On the Right, Is Mainstream Opposition Possible?

John O’Sullivan fleshes out a notion that many of us on the political right have been considering:

Less dramatic versions of that story occurred right across the advanced world. How did this happen? The short answer is that these fringe parties occupied the large empty spaces on the political Right that the mainstream conservative parties had abandoned. British Tories, French Gaullists, Swedish Moderates, and other parties elsewhere increasingly narrowed their appeal to that of superior economic management in a capitalist economy than their countries’ respective Leftist parties. They adopted what Marx called “economism.” They were embarrassed by the patriotism and traditional moral values that had been part of their original identity. They wanted the approval of the metropolitan liberal opinion-formers in which their leaders moved socially. They tailored their electoral messages accordingly….

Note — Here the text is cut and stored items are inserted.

(* Assume (F), fix $\alpha\in\,]0,1[$, and let $0\le u^-<u^+\le V$ with $\hat\rho_{u^+}\le\check\rho_{u^-}$. Then $$u^+-u^-\ \ge\ \frac{\beta}{2}\,\big(\hat\rho_{u^-}-\check\rho_{u^-}\big).$$
   Context: Hypothesis (F): $R>0$; $f\in C^2([0,R];[0,+\infty))$ with $f(\rho)=\rho v(\rho)$, $v\in C^2([0,R];[0,+\infty))$; $f(0)=f(R)=0$; there are $B\ge\beta>0$ with $-B\le f''\le-\beta$ on $[0,R]$; $v'(\rho)<0$ for $\rho\in\,]0,R[$. Let $V:=\max_{[0,R]}v=v(0)$. Define $f_\alpha(\rho):=\alpha f(\rho/\alpha)$ for $\rho\in[0,\alpha R]$. For $u\in[0,V]$: $\tilde\rho_u$ is the unique solution of $f_\alpha'(\rho)=u$; $\varphi_u(\rho):=f_\alpha(\tilde\rho_u)+u(\rho-\tilde\rho_u)$ for $\rho\in[0,R]$; $\mathcal I_u:=\{\rho\in[0,R]: f(\rho)=\varphi_u(\rho)\}$, $\check\rho_u:=\min\mathcal I_u$, $\hat\rho_u:=\max\mathcal I_u$. *)

From Stdlib Require Import Reals Lra.
Open Scope R_scope.

Definition deriv_within (a b : R) (g : R -> R) (x l : R) : Prop :=
  forall eps, 0 < eps -> exists delta, 0 < delta /\
    forall h, h <> 0 -> Rabs h < delta -> a <= x + h <= b ->
      Rabs ((g (x + h) - g x) / h - l) < eps.

Definition cont_within (a b : R) (g : R -> R) (x : R) : Prop :=
  forall eps, 0 < eps -> exists delta, 0 < delta /\
    forall y, a <= y <= b -> Rabs (y - x) < delta -> Rabs (g y - g x) < eps.

Definition C2_on (a b : R) (g g1 g2 : R -> R) : Prop :=
  forall x, a <= x <= b ->
    deriv_within a b g x (g1 x) /\ deriv_within a b g1 x (g2 x) /\
    cont_within a b g2 x.

Definition hypF (Rr : R) (f f1 f2 v v1 v2 : R -> R) (B beta : R) : Prop :=
  0 < Rr /\
  C2_on 0 Rr f f1 f2 /\ C2_on 0 Rr v v1 v2 /\
  (forall x, 0 <= x <= Rr -> 0 <= f x /\ 0 <= v x /\ f x = x * v x) /\
  f 0 = 0 /\ f Rr = 0 /\
  0 < beta /\ beta <= B /\
  (forall x, 0 <= x <= Rr -> - B <= f2 x <= - beta) /\
  (forall x, 0 < x < Rr -> v1 x < 0).

Definition f_alpha (alpha : R) (f : R -> R) (rho : R) : R := alpha * f (rho / alpha).

Definition is_tilde_rho (Rr alpha : R) (f : R -> R) (u rt : R) : Prop :=
  0 <= rt <= alpha * Rr /\ deriv_within 0 (alpha * Rr) (f_alpha alpha f) rt u.

Definition phi_u (alpha : R) (f : R -> R) (u rt rho : R) : R :=
  f_alpha alpha f rt + u * (rho - rt).

Definition in_I (Rr alpha : R) (f : R -> R) (u rt rho : R) : Prop :=
  0 <= rho <= Rr /\ f rho = phi_u alpha f u rt rho.

Definition is_check_rho (Rr alpha : R) (f : R -> R) (u rt x : R) : Prop :=
  in_I Rr alpha f u rt x /\ (forall y, in_I Rr alpha f u rt y -> x <= y).

Definition is_hat_rho (Rr alpha : R) (f : R -> R) (u rt x : R) : Prop :=
  in_I Rr alpha f u rt x /\ (forall y, in_I Rr alpha f u rt y -> y <= x).

From Stdlib Require Import Reals Lra Psatz.
From Coquelicot Require Import Coquelicot.
Open Scope R_scope.

(* Write ρ̌ = ρ̌_{u^-}, ρ̂ = ρ̂_{u^-}.  Since f agrees with the line φ_{u^-} of slope u^- at ρ̌ and ρ̂,
   β-strong concavity makes every secant slope (f x - f ρ̌)/(x - ρ̌), x ∈ ]ρ̌, ρ̂], at least
   u^- + β/2 (ρ̂ - x).  On the other hand f lies below the line φ_{u^+} beyond ρ̂_{u^+}: it does so at R
   because f_α lies below its tangents, and it cannot cross back by maximality of ρ̂_{u^+}.  As
   ρ̂_{u^+} ≤ ρ̌, concavity then bounds the same secant slopes by u^+; let x tend to ρ̌. *)

Definition clamp (a b x : R) : R := Rmax a (Rmin b x).

Lemma clamp_in a b x : a <= b -> a <= clamp a b x <= b.
Proof. intros; unfold clamp, Rmax, Rmin; repeat destruct Rle_dec; lra. Qed.

Lemma clamp_id a b x : a <= x <= b -> clamp a b x = x.
Proof. intros; unfold clamp, Rmax, Rmin; repeat destruct Rle_dec; lra. Qed.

In short, mainstream conservative parties were tailoring their policies to please a small national constituency while seeming oblivious to the fact that they were alienating or even dissing the moral traditionalists, the patriots, the national-defense conservatives, and the “social fabric” conservatives who together make up the great bulk of their national constituency. Moreover, the longer this continued, the more these constituencies became outraged not only at particular policies but also at the general failure of the center-right parties they usually supported to respond to their concerns.

Here in Rhode Island, we’re arguably at the nadir of this process, and it remains a somewhat mysterious thing.  With the political power of insiders, special interests, and labor unions it seems to have become common wisdom that full conservatism simply can’t win and leads to one’s being unacceptable among mainstream liberals.  Politicians’ bending to such perceived breezes leaves people who are conservative uninspired by their electoral choices, thus self-fulfilling the prophecy and eliminating a broad network of support, such that the few relatively conservative hopes become pinned to individuals with I’ll-win-or-I’m-done attitudes.

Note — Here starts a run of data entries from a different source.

(* Hom_{G_d}(M_d, N_d) and (M^* (x) N)_d / G_d are compared through the orbit sum
   autsum T = sum_(g in G_d) g.T.  Since char K = 0, the coinvariant relations are
   exactly the tensors killed by autsum, and Theta T is x |-> sum_z autsum T (z, _) x_z;
   as the pairing of M^*_d with M_d is nondegenerate, Theta T = 0 forces autsum T = 0,
   and averaging (modproj, tensproj) provides preimages of equivariant maps.
   Pushing along h : d -> e maps G_d-orbits of pairs of basis morphisms
   (c_i -> d, c_j -> d) injectively to G_e-orbits, since such a pair is determined up
   to G_d by the weak push-out of its pullback; when d >= c1 + c2 every such weak
   push-out for a pair into e embeds in d, so the map on orbits is onto.  Counting
   stabilisers turns this into injectivity and surjectivity of h on the coinvariants. *)

Section FITypeCategory.
Variable C : category.
Hypothesis FI : FI_type C.

Lemma compI (a b c : Obj C) (f : Mor b c) : injective (fun g : Mor a b => comp f g).
Proof. by case: FI => mono _ g h; apply: mono. Qed.
Arguments compI {a b c} f [x1 x2].

Lemma endo_iso (c : Obj C) (f : Mor c c) : is_iso f.
Proof. by case: FI => _ [iso _]; apply: iso. Qed.

Lemma aut_trans (c d : Obj C) (f f' : Mor c d) : exists g : Mor d d, comp g f = f'.
Proof. by case: FI => _ [_ [trans _]]; have [g [_ E]] := trans c d f f'; exists g. Qed.

Definition invm (c : Obj C) (g : Mor c c) : Mor c c :=
  odflt (idm c) [pick g' | comp g' g == idm c].

Lemma compVm (c : Obj C) (g : Mor c c) : comp (invm g) g = idm c.
Proof.
rewrite /invm; case: pickP => [g' /eqP //|none].
by have [g' [E _]] := endo_iso g; move: (none g'); rewrite E eqxx.
Qed.

Lemma compmV (c : Obj C) (g : Mor c c) : comp g (invm g) = idm c.
Proof. by apply: (compI (invm g)); rewrite compA compVm comp1m compm1. Qed.

Lemma comp_endoI (a c : Obj C) (k : Mor a a) : injective (fun f : Mor a c => comp f k).
Proof.
move=> f f' /(congr1 (comp^~ (invm k))).
by rewrite -!compA compmV !compm1.
Qed.
Arguments comp_endoI {a c} k [x1 x2].

Lemma invm_inj (c : Obj C) : injective (@invm c).
Proof. by move=> g h E; apply: (comp_endoI (invm g)); rewrite compmV E compmV. Qed.

Lemma invmK (c : Obj C) : involutive (@invm c).
Proof. by move=> g; apply: (compI (invm g)); rewrite compmV compVm. Qed.

Lemma invmM (c : Obj C) (g h : Mor c c) : invm (comp g h) = comp (invm h) (invm g).
Proof.
apply: (compI (comp g h)).
by rewrite compmV compA -(compA g h) compmV compm1 compmV.
Qed.

(* (f1, f2) and (f1', f2') have a common pullback p, so both factor through the
   weak push-out w of p, and G_d acts transitively on Mor(w, d). *)
Lemma lift_orbit_inj (A B d e : Obj C) (f1 f1' : Mor A d) (f2 f2' : Mor B d)
    (h : Mor d e) (ga : Mor e e) :
  comp ga (comp h f1) = comp h f1' -> comp ga (comp h f2) = comp h f2' ->
  exists g : Mor d d, comp g f1 = f1' /\ comp g f2 = f2'.
Proof.
move=> E1 E2; case: FI => _ [_ [_ [_ [PB WP]]]].
have [p [p1 [p2 Hp]]] := PB _ _ _ f1 f2.
have Hp' : is_pullback f1' f2' p1 p2.
  case: Hp => comm univ; split.
    by apply: (compI h); rewrite !compA -E1 -E2 -!compA comm.
  move=> z q1 q2 Hq; apply: univ; apply: (compI h); apply: (compI ga).
  by rewrite !compA -(compA ga h f1) -(compA ga h f2) E1 E2 -!compA Hq.
have [w [g1 [g2 [_ Hw]]]] := WP _ _ _ p1 p2.
have [u [[Hu1 Hu2] _]] := Hw _ _ _ Hp.
have [u' [[Hu1' Hu2'] _]] := Hw _ _ _ Hp'.
have [g Hg] := aut_trans u u'.
by exists g; rewrite -Hu1 -Hu2 !compA Hg.
Qed.

(* The pullback p of (F1, F2) is also a pullback over the weak push-out W of
   (k1 p1, k2 p2), which embeds in d as d >= c1 + c2; hence the weak push-out w of p,
   through which (F1, F2) factor, maps to d, and G_e is transitive on Mor(w, e). *)
Lemma lift_orbit_surj (c1 c2 d e A B : Obj C) (h : Mor d e) :
  geq_sum c1 c2 d -> leo A c1 -> leo B c2 ->
  forall (F1 : Mor A e) (F2 : Mor B e),
  exists (ga : Mor e e) (f1 : Mor A d) (f2 : Mor B d),
    comp ga (comp h f1) = F1 /\ comp ga (comp h f2) = F2.
Proof.
move=> ge_d [k1] [k2] F1 F2; case: FI => _ [_ [_ [_ [PB WP]]]].
have [p [p1 [p2 Hp]]] := PB _ _ _ F1 F2.
have [w [g1 [g2 [_ Hw]]]] := WP _ _ _ p1 p2.
have [u [[Hu1 Hu2] _]] := Hw _ _ _ Hp.
have [W [G1 [G2 HW]]] := WP _ _ _ (comp k1 p1) (comp k2 p2).
have [phi] := ge_d _ _ _ _ _ _ HW.
have Hp2 : is_pullback (comp G1 k1) (comp G2 k2) p1 p2.
  case: HW => [[comm univ] _]; split; first by rewrite -!compA.
  move=> z q1 q2 Hq.
  have Hq' : comp G1 (comp k1 q1) = comp G2 (comp k2 q2) by rewrite !compA.
  have [v [[Hv1 Hv2] uniq_v]] := univ _ _ _ Hq'.
  exists v; split.
    by split; [apply: (compI k1) | apply: (compI k2)]; rewrite compA.
  by move=> v' [Hv1' Hv2']; apply: uniq_v; rewrite -!compA Hv1' Hv2'.
have [psi [[Hpsi1 Hpsi2] _]] := Hw _ _ _ Hp2.
have [ga Hga] := aut_trans (comp h (comp phi psi)) u.
exists ga, (comp phi (comp psi g1)), (comp phi (comp psi g2)).
by split; rewrite -?Hu1 -?Hu2 -Hga -!compA.
Qed.

End FITypeCategory.

Arguments compI {C} FI {a b c} f [x1 x2].
Arguments comp_endoI {C} FI {a c} k [x1 x2].

Section PushForward.
Variable K : pzRingType.

Definition scalef (I : finType) (c : K) (x : {ffun I -> K}) : {ffun I -> K} :=
  [ffun w => c * x w].

Definition deltaf (I : finType) (z : I) : {ffun I -> K} := [ffun w => (w == z)%:R].

Definition pushG (I J : finType) (phi : I -> J) (x : {ffun I -> K}) : {ffun J -> K} :=
  [ffun y => \sum_(z | phi z == y) x z].

Lemma sum_mul_eq (I : finType) (x : I -> K) (w : I) : \sum_z x z * (w == z)%:R = x w.
Proof.
rewrite (bigD1 w) //= eqxx mulr1 big1 ?addr0 // => z /negbTE.
by rewrite eq_sym => ->; rewrite mulr0.
Qed.

Lemma sum_eq_mul (I : finType) (x : I -> K) (w : I) : \sum_z (w == z)%:R * x z = x w.
Proof.
rewrite -[RHS](sum_mul_eq x); apply: eq_bigr => z _.
by case: eqP; rewrite ?mul1r ?mulr1 ?mul0r ?mulr0.
Qed.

As the liberal-progressive-insider policies have done what liberal-progressive-insider policies do (i.e., destroy the society implementing them), those in opposition graduated from apathy to emigration.  The difference at the national level may be that it isn’t such a simple matter (psychologically, if not practically) to up and leave, so apathy turns instead to support for more-extreme candidates.

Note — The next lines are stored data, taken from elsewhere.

(* labels: the root gets label root_key ("0"); going down, a node with Z=0
   copies the parent's label, a node with Z=1 gets the new label "itself"
   (its key, which no other node carries). chi_d Z d x = label of anc d x. *)
Fixpoint chi_d (Z : Zlab) (d : nat) (x : leaf) : key :=
  match d with
  | 0 => root_key
  | d'.+1 => if Zk Z (anc d'.+1 x) then anc d'.+1 x else chi_d Z d' x
  end.
Definition chi (Z : Zlab) (x : leaf) : key := chi_d Z D x.

Definition Wild := {ffun leaf -> bool}.

Definition PZ (Z : Zlab) : R :=
  \prod_(u : nonroot)
     (if Z u then rho (key_depth (val u)) else 1 - rho (key_depth (val u))).
Definition PW (W : Wild) : R :=
  \prod_(x : leaf) (if W x then omega else 1 - omega).

Definition agreement (Z : Zlab) (W : Wild) (a : attempt) : bool :=
  let: (_, _, x, y) := a in (x != y) && (chi Z x == chi Z y).
Definition conflict (Z : Zlab) (W : Wild) (a : attempt) : bool :=
  let: (_, _, x, y) := a in (chi Z x != chi Z y) && (W x || W y).

(* expected number of attempts of kind E among n independent attempts
   (labels and wildness drawn independently of the attempts) *)
Definition expected_count (E : Zlab -> Wild -> attempt -> bool) (n : nat) : R :=
  \sum_(Z : Zlab) \sum_(W : Wild) \sum_(a : n.-tuple attempt)
     PZ Z * PW W * (\prod_(i < n) att_weight (tnth a i)) * (count (E Z W) a)%:R.

End Model.

From HB Require Import structures.
From mathcomp Require Import all_boot all_order all_algebra.
From mathcomp Require Import all_classical all_reals all_analysis.
From mathcomp Require Import ring zify.
Import Order.TTheory GRing.Theory Num.Theory.
Import numFieldNormedType.Exports.
Set Implicit Arguments. Unset Strict Implicit. Unset Printing Implicit Defensive.
Local Open Scope classical_set_scope.
Local Open Scope ring_scope.

(* Given N = n, the attempts are i.i.d. and independent of the labels and the
   wildness, so the expected count is n times the probability p of the event for
   one attempt, and averaging over N gives E[N] p.  In one attempt of height s
   the two walks end at leaves x, y that are independent and uniform below a
   uniform node of depth D - s; for a fixed leaf x exactly (mu - 1) mu^t leaves y
   have their last common ancestor with x at depth D - t - 1.  For x <> y,
   chi(x) = chi(y) iff no node strictly below that ancestor on the two paths is
   relabelled, which has probability A_t; a conflict needs in addition one of
   the two distinct leaves to be wild, which has probability omega (2 - omega). *)

Section FiniteSums.
Variable R : comNzRingType.

Lemma natr_all (T : Type) (a : pred T) (s : seq T) :
  (all a s)%:R = \prod_(t <- s) (a t)%:R :> R.
Proof.
elim: s => [|t s IH]; first by rewrite big_nil.
by rewrite big_cons /= -IH; case: (a t); rewrite ?mul1r ?mul0r.
Qed.

Lemma sum_natr_pred (T : finType) (P : pred T) : \sum_x (P x)%:R = #|P|%:R :> R.
Proof.
rewrite -sum1_card natr_sum [RHS]big_mkcond /=; apply: eq_bigr => x _.
by rewrite unfold_in; case: (P x).
Qed.

Lemma sum_eq_indicator (T : finType) (k : T) (g : T -> R) :
  \sum_v (k == v)%:R * g v = g k.
Proof.
rewrite (bigD1 k) //= eqxx mul1r big1 ?addr0 // => v.
by rewrite eq_sym => /negbTE ->; rewrite mul0r.
Qed.

Lemma sum_by_fibers (T : finType) (f : T -> nat) (G : nat -> R) n :
  (forall x, (f x < n)%N) ->
  \sum_x G (f x) = \sum_(k < n) #|[pred x | f x == k]|%:R * G k.
Proof.
move=> f_lt; transitivity (\sum_x \sum_(k < n) (Ordinal (f_lt x) == k)%:R * G k).
  by apply: eq_bigr => x _; rewrite sum_eq_indicator.
rewrite exchange_big; apply: eq_bigr => k _.
rewrite -sum_natr_pred mulr_suml; apply: eq_bigr => x _.
by rewrite -(inj_eq val_inj).
Qed.

Lemma sum_pair (A B : finType) (G : A * B -> R) :
  \sum_p G p = \sum_a \sum_b G (a, b).
Proof. by rewrite pair_bigA; apply: eq_bigr => -[]. Qed.

Lemma sum_quadruple (A B C E : finType) (G : A * B * C * E -> R) :
  \sum_p G p = \sum_a \sum_b \sum_c \sum_e G (a, b, c, e).
Proof.
rewrite (sum_pair G) (sum_pair (fun abc => \sum_e G (abc, e))).
exact: (sum_pair (fun ab => \sum_c \sum_e G (ab, c, e))).
Qed.

Lemma sum_bernoulli_all_false (T : finType) (p : T -> R) (s : seq T) : uniq s ->
  \sum_(f : {ffun T -> bool})
     (\prod_t (if f t then p t else 1 - p t)) * \prod_(t <- s) (~~ f t)%:R
  = \prod_(t <- s) (1 - p t).
Proof.
move=> uniq_s; rewrite [RHS]big_uniq // [RHS]big_mkcond /=.
have inS f : \prod_(t <- s) (~~ f t)%:R
             = \prod_t (if t \in s then (~~ f t)%:R else 1) :> R.
  by rewrite big_uniq // big_mkcond.
under eq_bigr => f _ do rewrite inS -big_split /=.
rewrite -(bigA_distr_bigA (fun t (b : bool) =>
  (if b then p t else 1 - p t) * (if t \in s then (~~ b)%:R else 1))) /=.
apply: eq_bigr => t _; rewrite big_bool /=.
by case: (t \in s); rewrite /= ?mulr1 ?mulr0 ?add0r // addrC subrK.
Qed.

Lemma natr_count_tnth (T : eqType) n (t : n.-tuple T) (P : pred T) :
  (count P t)%:R = \sum_(i < n) (P (tnth t i))%:R :> R.
Proof.
rewrite -sum1_count big_tuple natr_sum big_mkcond /=.
by apply: eq_bigr => i _; case: (P _).
Qed.

Lemma sum_iid_count (T : finType) (w : T -> R) (P : pred T) n :
  \sum_x w x = 1 ->
  \sum_(t : n.-tuple T) (\prod_(i < n) w (tnth t i)) * (count P t)%:R
  = n%:R * \sum_x w x * (P x)%:R.
Proof.
move=> w1.
pose tup (f : {ffun 'I_n -> T}) : n.-tuple T := [tuple f i | i < n].
pose fun_of (t : n.-tuple T) : {ffun 'I_n -> T} := [ffun i => tnth t i].
have tupK : cancel tup fun_of.
  by move=> f; apply/ffunP => i; rewrite ffunE tnth_mktuple.
have fun_ofK : cancel fun_of tup.
  by move=> t; apply: eq_from_tnth => i; rewrite tnth_mktuple ffunE.
rewrite (reindex tup); last by exists fun_of => x _; [apply: tupK | apply: fun_ofK].
under eq_bigr => f _ do rewrite natr_count_tnth mulr_sumr.
rewrite exchange_big /= mulr_natl -[X in _ *+ X]card_ord -sumr_const.
apply: eq_bigr => i _.
have marked f : \prod_(j < n) w (tnth (tup f) j) * (P (tnth (tup f) i))%:R
    = \prod_(j < n) (if j == i then w (f j) * (P (f j))%:R else w (f j)).
  rewrite (bigD1 i) //= [RHS](bigD1 i) //= eqxx tnth_mktuple mulrAC.
  by congr (_ * _); apply: eq_bigr => j /negbTE ->; rewrite tnth_mktuple.
under eq_bigr => f _ do rewrite marked.
rewrite -(bigA_distr_bigA (fun j x => if j == i then w x * (P x)%:R else w x)) /=.
rewrite (bigD1 i) //= eqxx [X in _ * X]big1 ?mulr1 // => j /negbTE ->.
exact: w1.
Qed.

That makes the national-level puzzle easier to solve.  The mainstream center-right party (in other words, the Republicans) simply have to prove their credibility on a moderated version of the conservative platform.  In Rhode Island, I’m not sure.  It might take a miracle confluence of a charismatic leader with unusual integrity and a willingness to forego reward for a while who finds some way to prove the principle and give people hope on narrow issues or at a local level.